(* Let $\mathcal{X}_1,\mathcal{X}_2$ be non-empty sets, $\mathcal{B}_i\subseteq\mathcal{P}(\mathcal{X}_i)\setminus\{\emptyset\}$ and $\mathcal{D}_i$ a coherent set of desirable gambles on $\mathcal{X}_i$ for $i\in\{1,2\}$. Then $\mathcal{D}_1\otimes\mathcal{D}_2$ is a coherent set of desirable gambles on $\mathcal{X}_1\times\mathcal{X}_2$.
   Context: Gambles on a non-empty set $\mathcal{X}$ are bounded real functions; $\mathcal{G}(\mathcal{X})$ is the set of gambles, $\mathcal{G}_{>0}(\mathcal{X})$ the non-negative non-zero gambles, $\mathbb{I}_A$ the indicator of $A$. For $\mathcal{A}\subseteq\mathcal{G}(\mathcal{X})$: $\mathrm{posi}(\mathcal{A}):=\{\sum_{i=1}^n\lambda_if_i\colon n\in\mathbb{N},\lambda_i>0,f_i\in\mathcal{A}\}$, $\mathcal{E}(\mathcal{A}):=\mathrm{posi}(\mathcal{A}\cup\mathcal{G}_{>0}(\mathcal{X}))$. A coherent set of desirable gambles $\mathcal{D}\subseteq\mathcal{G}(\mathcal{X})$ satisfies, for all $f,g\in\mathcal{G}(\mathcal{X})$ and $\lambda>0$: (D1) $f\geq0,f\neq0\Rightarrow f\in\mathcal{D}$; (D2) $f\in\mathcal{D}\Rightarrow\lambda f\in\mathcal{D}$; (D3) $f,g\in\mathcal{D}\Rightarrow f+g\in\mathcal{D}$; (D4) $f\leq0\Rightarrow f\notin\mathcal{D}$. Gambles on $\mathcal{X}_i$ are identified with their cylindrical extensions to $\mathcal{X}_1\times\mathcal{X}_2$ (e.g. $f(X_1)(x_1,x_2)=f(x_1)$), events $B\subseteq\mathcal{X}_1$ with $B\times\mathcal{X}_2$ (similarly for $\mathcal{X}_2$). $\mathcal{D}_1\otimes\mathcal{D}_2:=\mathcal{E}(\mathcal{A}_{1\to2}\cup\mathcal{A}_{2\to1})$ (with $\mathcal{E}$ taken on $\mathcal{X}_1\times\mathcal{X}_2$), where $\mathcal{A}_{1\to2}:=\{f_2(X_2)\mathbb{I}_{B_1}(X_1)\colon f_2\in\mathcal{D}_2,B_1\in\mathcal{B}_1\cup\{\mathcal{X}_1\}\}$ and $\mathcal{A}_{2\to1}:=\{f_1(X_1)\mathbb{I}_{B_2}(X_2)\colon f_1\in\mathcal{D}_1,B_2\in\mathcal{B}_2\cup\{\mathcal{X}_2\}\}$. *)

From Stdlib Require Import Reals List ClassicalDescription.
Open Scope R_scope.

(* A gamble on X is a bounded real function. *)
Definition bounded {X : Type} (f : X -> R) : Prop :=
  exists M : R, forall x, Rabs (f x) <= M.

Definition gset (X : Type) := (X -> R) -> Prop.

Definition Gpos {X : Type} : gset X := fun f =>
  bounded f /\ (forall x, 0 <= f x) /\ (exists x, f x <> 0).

====

- [Assignment]: Begin at the top of the listing above and set down each line exactly. Stop after the line that contains "(* A gamble".

- [Solved problem]:
(* Let $\mathcal{X}_1,\mathcal{X}_2$ be non-empty sets, $\mathcal{B}_i\subseteq\mathcal{P}(\mathcal{X}_i)\setminus\{\emptyset\}$ and $\mathcal{D}_i$ a coherent set of desirable gambles on $\mathcal{X}_i$ for $i\in\{1,2\}$. Then $\mathcal{D}_1\otimes\mathcal{D}_2$ is a coherent set of desirable gambles on $\mathcal{X}_1\times\mathcal{X}_2$.
   Context: Gambles on a non-empty set $\mathcal{X}$ are bounded real functions; $\mathcal{G}(\mathcal{X})$ is the set of gambles, $\mathcal{G}_{>0}(\mathcal{X})$ the non-negative non-zero gambles, $\mathbb{I}_A$ the indicator of $A$. For $\mathcal{A}\subseteq\mathcal{G}(\mathcal{X})$: $\mathrm{posi}(\mathcal{A}):=\{\sum_{i=1}^n\lambda_if_i\colon n\in\mathbb{N},\lambda_i>0,f_i\in\mathcal{A}\}$, $\mathcal{E}(\mathcal{A}):=\mathrm{posi}(\mathcal{A}\cup\mathcal{G}_{>0}(\mathcal{X}))$. A coherent set of desirable gambles $\mathcal{D}\subseteq\mathcal{G}(\mathcal{X})$ satisfies, for all $f,g\in\mathcal{G}(\mathcal{X})$ and $\lambda>0$: (D1) $f\geq0,f\neq0\Rightarrow f\in\mathcal{D}$; (D2) $f\in\mathcal{D}\Rightarrow\lambda f\in\mathcal{D}$; (D3) $f,g\in\mathcal{D}\Rightarrow f+g\in\mathcal{D}$; (D4) $f\leq0\Rightarrow f\notin\mathcal{D}$. Gambles on $\mathcal{X}_i$ are identified with their cylindrical extensions to $\mathcal{X}_1\times\mathcal{X}_2$ (e.g. $f(X_1)(x_1,x_2)=f(x_1)$), events $B\subseteq\mathcal{X}_1$ with $B\times\mathcal{X}_2$ (similarly for $\mathcal{X}_2$). $\mathcal{D}_1\otimes\mathcal{D}_2:=\mathcal{E}(\mathcal{A}_{1\to2}\cup\mathcal{A}_{2\to1})$ (with $\mathcal{E}$ taken on $\mathcal{X}_1\times\mathcal{X}_2$), where $\mathcal{A}_{1\to2}:=\{f_2(X_2)\mathbb{I}_{B_1}(X_1)\colon f_2\in\mathcal{D}_2,B_1\in\mathcal{B}_1\cup\{\mathcal{X}_1\}\}$ and $\mathcal{A}_{2\to1}:=\{f_1(X_1)\mathbb{I}_{B_2}(X_2)\colon f_1\in\mathcal{D}_1,B_2\in\mathcal{B}_2\cup\{\mathcal{X}_2\}\}$. *)

From Stdlib Require Import Reals List ClassicalDescription.
Open Scope R_scope.

(* A gamble on X is a bounded real function. *)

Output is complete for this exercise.